** WHAT YOU SHOULD DO **
Using the records that appear below, write out exactly the lines from the one with "move=> ac bc" through the one with "Variables (n : nat) (eM", keeping both end lines.

[Saved entries]
"""

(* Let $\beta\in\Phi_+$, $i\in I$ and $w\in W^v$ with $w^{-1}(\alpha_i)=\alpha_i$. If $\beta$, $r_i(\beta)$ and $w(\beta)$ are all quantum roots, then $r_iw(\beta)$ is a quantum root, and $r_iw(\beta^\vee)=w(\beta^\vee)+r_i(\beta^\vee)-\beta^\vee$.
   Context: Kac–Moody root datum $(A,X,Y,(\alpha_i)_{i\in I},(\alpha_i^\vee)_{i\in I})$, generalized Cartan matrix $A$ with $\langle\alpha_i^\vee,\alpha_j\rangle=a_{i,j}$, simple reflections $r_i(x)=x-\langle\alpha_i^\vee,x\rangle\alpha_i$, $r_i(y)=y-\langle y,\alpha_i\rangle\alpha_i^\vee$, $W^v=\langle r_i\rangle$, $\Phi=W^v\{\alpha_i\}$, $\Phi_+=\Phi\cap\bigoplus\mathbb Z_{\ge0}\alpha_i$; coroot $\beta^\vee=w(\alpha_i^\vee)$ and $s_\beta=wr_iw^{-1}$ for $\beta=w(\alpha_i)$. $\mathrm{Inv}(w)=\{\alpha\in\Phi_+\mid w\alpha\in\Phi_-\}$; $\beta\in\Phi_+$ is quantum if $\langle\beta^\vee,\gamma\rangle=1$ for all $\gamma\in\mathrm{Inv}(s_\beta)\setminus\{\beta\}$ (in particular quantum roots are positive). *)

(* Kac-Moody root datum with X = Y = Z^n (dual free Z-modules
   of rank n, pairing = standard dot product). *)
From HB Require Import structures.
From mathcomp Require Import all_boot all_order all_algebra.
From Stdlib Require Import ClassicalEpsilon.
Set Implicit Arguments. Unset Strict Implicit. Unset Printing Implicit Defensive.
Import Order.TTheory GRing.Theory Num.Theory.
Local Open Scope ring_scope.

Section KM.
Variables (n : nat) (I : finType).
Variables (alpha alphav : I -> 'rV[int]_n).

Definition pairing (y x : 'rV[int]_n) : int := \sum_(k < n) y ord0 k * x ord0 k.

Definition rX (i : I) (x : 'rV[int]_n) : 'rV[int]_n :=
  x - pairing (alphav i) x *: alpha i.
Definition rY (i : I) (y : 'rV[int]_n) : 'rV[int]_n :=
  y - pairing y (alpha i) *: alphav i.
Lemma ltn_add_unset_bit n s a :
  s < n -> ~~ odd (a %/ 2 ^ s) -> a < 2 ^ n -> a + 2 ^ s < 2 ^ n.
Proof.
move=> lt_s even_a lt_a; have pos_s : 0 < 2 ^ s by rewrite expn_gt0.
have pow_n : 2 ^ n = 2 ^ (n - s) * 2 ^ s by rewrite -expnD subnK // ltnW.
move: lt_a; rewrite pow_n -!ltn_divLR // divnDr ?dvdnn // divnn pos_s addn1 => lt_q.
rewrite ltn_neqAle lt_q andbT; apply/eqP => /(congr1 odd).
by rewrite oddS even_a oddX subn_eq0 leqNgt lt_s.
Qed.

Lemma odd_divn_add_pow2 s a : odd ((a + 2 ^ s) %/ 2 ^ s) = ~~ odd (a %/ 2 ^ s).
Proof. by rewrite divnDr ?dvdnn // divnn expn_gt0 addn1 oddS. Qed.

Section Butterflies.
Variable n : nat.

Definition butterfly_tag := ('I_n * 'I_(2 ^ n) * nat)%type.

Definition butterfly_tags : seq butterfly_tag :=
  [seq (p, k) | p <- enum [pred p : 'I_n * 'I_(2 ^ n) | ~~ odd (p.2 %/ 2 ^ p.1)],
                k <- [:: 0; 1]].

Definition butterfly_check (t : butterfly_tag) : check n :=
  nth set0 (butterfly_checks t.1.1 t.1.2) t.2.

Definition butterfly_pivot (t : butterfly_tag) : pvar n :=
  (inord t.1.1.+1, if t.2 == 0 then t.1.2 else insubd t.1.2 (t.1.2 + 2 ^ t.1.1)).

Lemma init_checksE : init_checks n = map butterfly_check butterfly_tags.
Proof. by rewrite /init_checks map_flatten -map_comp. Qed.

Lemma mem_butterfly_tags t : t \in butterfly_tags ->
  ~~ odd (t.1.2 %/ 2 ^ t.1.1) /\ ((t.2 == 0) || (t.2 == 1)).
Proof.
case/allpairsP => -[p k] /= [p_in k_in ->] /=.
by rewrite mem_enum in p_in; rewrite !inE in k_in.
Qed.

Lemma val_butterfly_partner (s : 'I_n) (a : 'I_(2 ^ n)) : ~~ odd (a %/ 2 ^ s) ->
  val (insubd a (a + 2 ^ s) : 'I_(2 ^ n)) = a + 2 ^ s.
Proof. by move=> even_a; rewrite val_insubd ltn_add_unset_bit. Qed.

"""
"""

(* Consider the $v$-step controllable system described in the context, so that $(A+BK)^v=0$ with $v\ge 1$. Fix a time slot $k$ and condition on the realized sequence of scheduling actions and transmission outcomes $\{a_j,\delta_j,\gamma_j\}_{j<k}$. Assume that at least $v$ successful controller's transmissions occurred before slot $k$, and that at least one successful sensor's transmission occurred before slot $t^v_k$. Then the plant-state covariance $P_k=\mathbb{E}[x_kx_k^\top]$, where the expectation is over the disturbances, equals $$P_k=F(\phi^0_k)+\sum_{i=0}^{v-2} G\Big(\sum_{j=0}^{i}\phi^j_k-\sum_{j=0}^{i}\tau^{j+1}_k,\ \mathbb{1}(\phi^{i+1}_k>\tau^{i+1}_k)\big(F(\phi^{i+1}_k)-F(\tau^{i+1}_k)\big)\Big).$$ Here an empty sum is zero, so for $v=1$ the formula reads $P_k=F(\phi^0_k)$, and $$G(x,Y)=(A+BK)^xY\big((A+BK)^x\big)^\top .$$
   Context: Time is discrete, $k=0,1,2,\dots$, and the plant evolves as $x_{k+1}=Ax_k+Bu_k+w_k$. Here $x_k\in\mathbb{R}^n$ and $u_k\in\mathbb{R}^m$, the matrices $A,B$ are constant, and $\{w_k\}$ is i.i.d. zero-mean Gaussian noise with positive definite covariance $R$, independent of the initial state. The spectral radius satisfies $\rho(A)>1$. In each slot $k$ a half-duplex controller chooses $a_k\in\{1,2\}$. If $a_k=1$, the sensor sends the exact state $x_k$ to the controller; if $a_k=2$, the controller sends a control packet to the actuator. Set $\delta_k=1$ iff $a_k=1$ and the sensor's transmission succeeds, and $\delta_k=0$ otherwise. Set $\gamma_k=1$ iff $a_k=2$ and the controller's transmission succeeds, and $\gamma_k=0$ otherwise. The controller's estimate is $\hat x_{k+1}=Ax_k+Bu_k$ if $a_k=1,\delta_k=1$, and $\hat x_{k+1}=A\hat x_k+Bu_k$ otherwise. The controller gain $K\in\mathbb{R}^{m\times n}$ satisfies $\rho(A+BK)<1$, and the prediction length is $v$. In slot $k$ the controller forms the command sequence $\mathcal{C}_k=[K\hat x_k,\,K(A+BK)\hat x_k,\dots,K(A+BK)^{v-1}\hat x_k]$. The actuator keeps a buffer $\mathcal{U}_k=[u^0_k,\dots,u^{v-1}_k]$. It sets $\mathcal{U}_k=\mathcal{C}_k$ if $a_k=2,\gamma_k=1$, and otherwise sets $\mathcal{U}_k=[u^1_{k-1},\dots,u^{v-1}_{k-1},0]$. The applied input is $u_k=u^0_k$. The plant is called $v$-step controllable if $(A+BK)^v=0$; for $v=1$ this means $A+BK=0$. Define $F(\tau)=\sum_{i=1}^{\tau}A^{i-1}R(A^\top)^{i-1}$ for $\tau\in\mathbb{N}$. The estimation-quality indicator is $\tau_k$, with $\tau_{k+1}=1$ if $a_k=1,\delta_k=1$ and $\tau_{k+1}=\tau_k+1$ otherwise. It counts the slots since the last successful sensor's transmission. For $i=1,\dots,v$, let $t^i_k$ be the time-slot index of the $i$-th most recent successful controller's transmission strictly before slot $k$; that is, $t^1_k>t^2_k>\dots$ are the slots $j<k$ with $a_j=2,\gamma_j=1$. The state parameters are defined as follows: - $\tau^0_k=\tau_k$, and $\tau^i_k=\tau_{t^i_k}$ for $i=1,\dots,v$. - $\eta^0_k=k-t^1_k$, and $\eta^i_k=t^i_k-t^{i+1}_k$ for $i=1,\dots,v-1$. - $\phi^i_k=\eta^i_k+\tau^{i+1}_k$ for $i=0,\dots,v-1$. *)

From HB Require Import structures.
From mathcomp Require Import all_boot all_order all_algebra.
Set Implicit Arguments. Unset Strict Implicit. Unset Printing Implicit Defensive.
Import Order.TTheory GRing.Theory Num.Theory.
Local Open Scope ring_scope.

"""
"""

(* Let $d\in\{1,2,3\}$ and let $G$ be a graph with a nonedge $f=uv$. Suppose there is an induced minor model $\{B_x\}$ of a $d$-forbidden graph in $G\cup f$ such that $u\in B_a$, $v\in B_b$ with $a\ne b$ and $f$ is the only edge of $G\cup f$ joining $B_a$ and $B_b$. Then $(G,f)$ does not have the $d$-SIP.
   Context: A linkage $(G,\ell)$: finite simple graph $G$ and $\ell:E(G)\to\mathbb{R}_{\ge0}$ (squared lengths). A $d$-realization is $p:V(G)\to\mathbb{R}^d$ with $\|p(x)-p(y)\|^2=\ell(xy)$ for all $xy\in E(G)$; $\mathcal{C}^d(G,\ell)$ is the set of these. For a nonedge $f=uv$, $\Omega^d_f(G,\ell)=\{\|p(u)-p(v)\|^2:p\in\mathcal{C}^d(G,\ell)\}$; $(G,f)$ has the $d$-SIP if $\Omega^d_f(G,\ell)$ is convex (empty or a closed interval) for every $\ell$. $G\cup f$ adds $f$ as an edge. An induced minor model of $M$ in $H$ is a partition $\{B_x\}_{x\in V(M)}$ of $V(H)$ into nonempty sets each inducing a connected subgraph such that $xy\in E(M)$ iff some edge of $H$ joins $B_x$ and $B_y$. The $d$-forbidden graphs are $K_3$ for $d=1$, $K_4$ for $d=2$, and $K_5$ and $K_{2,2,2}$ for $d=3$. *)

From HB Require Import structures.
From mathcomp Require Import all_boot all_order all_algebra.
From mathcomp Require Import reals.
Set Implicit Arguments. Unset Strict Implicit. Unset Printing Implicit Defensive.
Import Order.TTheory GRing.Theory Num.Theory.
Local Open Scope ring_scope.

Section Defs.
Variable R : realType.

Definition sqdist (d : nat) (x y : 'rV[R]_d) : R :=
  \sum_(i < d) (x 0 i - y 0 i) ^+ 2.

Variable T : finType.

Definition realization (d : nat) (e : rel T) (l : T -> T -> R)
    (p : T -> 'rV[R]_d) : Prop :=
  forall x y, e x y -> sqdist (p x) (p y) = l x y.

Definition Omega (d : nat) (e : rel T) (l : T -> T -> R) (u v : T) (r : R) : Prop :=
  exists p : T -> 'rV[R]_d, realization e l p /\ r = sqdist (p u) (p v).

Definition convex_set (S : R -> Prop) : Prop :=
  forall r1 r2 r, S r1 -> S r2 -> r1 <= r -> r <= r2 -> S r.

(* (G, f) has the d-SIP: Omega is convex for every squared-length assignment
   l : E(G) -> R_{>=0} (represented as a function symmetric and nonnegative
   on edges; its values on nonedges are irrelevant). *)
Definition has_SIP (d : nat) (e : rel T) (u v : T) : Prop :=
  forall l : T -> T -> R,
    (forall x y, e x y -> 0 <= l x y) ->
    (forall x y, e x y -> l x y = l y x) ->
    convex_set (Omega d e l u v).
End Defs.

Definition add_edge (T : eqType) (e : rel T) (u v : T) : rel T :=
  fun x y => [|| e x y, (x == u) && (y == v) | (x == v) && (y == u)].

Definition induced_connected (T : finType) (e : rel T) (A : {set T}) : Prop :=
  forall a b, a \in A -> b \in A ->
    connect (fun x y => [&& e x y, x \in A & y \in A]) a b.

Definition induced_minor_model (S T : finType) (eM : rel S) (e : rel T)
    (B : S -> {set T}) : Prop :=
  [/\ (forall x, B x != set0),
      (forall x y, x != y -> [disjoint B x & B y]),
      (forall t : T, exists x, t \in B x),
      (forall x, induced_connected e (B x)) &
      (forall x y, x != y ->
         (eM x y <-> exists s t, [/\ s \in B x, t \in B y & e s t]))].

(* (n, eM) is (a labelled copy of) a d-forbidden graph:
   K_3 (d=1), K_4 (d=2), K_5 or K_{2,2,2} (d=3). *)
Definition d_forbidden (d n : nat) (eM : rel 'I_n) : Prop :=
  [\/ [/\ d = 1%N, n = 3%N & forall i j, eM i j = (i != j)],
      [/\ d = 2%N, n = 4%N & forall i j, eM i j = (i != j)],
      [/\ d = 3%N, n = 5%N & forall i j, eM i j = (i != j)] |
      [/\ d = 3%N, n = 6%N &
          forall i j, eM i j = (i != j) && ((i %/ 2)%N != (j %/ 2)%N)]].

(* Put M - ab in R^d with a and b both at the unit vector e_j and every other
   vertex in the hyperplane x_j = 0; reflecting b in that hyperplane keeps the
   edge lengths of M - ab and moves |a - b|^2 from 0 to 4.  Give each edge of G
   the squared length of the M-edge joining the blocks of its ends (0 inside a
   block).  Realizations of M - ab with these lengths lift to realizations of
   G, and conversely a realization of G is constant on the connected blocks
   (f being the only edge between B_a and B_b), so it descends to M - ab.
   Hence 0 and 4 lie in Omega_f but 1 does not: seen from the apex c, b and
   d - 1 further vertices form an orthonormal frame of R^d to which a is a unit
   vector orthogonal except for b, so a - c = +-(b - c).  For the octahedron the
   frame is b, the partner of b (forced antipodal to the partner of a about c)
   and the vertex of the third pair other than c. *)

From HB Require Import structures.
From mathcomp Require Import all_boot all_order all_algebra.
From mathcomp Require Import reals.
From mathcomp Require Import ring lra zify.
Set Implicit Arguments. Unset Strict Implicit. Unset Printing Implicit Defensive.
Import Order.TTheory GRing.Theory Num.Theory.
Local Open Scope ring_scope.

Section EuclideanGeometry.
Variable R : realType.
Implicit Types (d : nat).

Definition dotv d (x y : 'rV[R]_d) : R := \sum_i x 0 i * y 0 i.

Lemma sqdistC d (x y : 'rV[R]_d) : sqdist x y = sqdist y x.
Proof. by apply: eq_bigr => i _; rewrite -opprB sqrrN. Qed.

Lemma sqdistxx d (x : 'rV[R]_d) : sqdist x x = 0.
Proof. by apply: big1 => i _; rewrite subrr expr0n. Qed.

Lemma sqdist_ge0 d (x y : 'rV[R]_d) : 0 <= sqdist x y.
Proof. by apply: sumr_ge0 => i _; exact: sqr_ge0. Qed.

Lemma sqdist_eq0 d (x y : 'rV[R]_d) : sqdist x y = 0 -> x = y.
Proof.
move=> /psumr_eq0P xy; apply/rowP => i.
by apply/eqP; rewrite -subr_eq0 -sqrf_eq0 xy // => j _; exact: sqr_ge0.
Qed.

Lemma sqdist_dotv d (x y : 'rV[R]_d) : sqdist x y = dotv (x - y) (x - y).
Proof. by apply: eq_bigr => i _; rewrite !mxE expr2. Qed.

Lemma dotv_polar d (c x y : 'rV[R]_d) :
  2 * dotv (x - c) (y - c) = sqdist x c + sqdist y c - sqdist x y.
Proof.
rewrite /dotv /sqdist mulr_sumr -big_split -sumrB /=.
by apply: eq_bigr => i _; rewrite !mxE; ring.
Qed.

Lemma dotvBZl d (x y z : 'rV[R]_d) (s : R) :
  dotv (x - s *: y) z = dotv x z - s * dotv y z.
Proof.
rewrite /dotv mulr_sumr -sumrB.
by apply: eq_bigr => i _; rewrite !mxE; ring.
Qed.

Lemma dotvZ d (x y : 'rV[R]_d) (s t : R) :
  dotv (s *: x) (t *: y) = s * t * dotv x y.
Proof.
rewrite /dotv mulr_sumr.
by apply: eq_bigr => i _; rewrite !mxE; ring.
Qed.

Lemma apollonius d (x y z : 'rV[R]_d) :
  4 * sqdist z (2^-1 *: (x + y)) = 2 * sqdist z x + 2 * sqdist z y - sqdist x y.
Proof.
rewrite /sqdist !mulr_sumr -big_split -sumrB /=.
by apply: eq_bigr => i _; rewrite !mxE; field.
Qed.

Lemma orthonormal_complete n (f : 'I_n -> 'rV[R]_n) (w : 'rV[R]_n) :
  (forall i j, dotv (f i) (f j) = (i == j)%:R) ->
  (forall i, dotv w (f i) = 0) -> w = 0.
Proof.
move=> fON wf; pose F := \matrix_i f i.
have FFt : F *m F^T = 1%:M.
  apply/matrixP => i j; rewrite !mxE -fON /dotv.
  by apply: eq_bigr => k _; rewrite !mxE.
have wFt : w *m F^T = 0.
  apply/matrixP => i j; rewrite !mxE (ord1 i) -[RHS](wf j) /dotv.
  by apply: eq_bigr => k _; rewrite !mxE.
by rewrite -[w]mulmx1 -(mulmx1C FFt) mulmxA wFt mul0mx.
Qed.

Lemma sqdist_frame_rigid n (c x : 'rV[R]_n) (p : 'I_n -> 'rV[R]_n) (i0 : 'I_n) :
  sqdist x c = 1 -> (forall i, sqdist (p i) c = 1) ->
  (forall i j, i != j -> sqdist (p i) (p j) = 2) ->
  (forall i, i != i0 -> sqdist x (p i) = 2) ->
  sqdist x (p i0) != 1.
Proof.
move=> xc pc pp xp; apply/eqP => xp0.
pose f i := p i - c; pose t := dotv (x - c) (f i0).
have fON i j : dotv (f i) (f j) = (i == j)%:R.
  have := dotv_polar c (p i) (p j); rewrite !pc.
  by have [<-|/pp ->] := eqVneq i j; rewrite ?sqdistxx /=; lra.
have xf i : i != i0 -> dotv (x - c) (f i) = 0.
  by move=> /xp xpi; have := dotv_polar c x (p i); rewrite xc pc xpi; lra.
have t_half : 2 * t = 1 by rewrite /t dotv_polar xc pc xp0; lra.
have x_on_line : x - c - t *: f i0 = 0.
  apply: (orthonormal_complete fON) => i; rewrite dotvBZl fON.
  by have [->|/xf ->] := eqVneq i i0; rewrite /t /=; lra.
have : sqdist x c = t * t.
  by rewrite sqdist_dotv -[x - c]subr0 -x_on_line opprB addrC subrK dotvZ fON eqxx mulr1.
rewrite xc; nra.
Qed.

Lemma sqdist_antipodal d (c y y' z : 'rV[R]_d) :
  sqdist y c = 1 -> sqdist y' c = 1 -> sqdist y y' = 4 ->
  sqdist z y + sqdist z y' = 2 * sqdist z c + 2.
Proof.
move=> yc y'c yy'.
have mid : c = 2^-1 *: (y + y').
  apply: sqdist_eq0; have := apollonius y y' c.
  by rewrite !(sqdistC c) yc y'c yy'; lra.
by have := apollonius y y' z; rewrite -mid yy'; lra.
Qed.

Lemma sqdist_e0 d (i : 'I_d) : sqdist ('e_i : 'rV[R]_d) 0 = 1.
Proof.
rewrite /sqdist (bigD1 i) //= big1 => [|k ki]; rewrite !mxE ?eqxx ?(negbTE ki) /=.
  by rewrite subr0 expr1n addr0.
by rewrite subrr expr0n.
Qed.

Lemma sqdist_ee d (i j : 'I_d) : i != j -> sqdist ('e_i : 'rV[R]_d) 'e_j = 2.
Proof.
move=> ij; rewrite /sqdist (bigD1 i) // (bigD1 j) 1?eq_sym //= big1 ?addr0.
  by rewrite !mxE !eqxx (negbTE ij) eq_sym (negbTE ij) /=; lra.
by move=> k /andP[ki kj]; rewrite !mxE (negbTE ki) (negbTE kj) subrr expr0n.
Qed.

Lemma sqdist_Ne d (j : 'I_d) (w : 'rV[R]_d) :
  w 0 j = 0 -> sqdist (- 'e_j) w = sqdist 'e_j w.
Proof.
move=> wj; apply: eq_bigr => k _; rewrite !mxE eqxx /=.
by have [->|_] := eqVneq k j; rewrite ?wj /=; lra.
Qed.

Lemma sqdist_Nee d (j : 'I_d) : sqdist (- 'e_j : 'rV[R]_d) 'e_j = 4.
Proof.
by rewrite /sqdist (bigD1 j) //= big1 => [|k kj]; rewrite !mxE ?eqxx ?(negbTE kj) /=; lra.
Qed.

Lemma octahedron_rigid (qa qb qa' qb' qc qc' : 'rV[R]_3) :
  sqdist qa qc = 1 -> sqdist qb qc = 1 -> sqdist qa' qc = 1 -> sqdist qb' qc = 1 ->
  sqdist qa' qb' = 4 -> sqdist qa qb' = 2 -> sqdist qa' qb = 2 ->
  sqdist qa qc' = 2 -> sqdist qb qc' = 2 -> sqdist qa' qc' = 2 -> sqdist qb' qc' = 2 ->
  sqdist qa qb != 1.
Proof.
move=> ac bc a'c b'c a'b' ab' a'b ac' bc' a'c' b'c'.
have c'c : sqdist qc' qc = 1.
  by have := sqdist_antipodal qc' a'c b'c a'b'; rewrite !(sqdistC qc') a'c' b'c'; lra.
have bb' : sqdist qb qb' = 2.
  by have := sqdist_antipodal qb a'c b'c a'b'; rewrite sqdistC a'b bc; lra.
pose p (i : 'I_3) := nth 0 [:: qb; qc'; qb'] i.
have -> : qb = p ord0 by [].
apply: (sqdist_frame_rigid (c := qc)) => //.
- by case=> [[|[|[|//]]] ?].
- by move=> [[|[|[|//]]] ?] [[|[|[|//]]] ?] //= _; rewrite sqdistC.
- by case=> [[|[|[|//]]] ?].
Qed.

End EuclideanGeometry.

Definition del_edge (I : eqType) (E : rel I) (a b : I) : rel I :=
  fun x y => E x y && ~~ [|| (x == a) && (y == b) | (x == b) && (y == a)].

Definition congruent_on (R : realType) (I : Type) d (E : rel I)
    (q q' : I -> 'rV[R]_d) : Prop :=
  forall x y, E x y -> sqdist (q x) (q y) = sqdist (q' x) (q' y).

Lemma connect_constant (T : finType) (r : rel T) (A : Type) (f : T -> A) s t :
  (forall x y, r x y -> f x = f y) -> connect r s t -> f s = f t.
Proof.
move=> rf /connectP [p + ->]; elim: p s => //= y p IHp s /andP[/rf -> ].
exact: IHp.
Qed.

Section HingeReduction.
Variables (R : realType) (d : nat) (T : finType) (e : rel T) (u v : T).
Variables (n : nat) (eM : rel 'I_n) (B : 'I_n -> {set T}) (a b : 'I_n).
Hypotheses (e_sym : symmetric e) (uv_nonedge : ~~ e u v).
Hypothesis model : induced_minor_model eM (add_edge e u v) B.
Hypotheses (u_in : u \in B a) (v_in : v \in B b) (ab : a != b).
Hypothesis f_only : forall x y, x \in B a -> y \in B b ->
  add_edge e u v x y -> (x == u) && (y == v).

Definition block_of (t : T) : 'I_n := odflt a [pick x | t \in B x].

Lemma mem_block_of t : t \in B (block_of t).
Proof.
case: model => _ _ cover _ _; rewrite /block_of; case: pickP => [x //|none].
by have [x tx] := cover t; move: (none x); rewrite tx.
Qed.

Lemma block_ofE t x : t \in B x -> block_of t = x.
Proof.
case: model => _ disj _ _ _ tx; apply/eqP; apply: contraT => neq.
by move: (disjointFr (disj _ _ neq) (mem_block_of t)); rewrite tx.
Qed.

"""

** SOLUTION TO THE EXERCISE **
move=> ac bc a'c b'c a'b' ab' a'b ac' bc' a'c' b'c'.
have c'c : sqdist qc' qc = 1.
  by have := sqdist_antipodal qc' a'c b'c a'b'; rewrite !(sqdistC qc') a'c' b'c'; lra.
have bb' : sqdist qb qb' = 2.
  by have := sqdist_antipodal qb a'c b'c a'b'; rewrite sqdistC a'b bc; lra.
pose p (i : 'I_3) := nth 0 [:: qb; qc'; qb'] i.
have -> : qb = p ord0 by [].
apply: (sqdist_frame_rigid (c := qc)) => //.
- by case=> [[|[|[|//]]] ?].
- by move=> [[|[|[|//]]] ?] [[|[|[|//]]] ?] //= _; rewrite sqdistC.
- by case=> [[|[|[|//]]] ?].
Qed.

End EuclideanGeometry.

Definition del_edge (I : eqType) (E : rel I) (a b : I) : rel I :=
  fun x y => E x y && ~~ [|| (x == a) && (y == b) | (x == b) && (y == a)].

Definition congruent_on (R : realType) (I : Type) d (E : rel I)
    (q q' : I -> 'rV[R]_d) : Prop :=
  forall x y, E x y -> sqdist (q x) (q y) = sqdist (q' x) (q' y).

Lemma connect_constant (T : finType) (r : rel T) (A : Type) (f : T -> A) s t :
  (forall x y, r x y -> f x = f y) -> connect r s t -> f s = f t.
Proof.
move=> rf /connectP [p + ->]; elim: p s => //= y p IHp s /andP[/rf -> ].
exact: IHp.
Qed.

Section HingeReduction.
Variables (R : realType) (d : nat) (T : finType) (e : rel T) (u v : T).
Variables (n : nat) (eM : rel 'I_n) (B : 'I_n -> {set T}) (a b : 'I_n).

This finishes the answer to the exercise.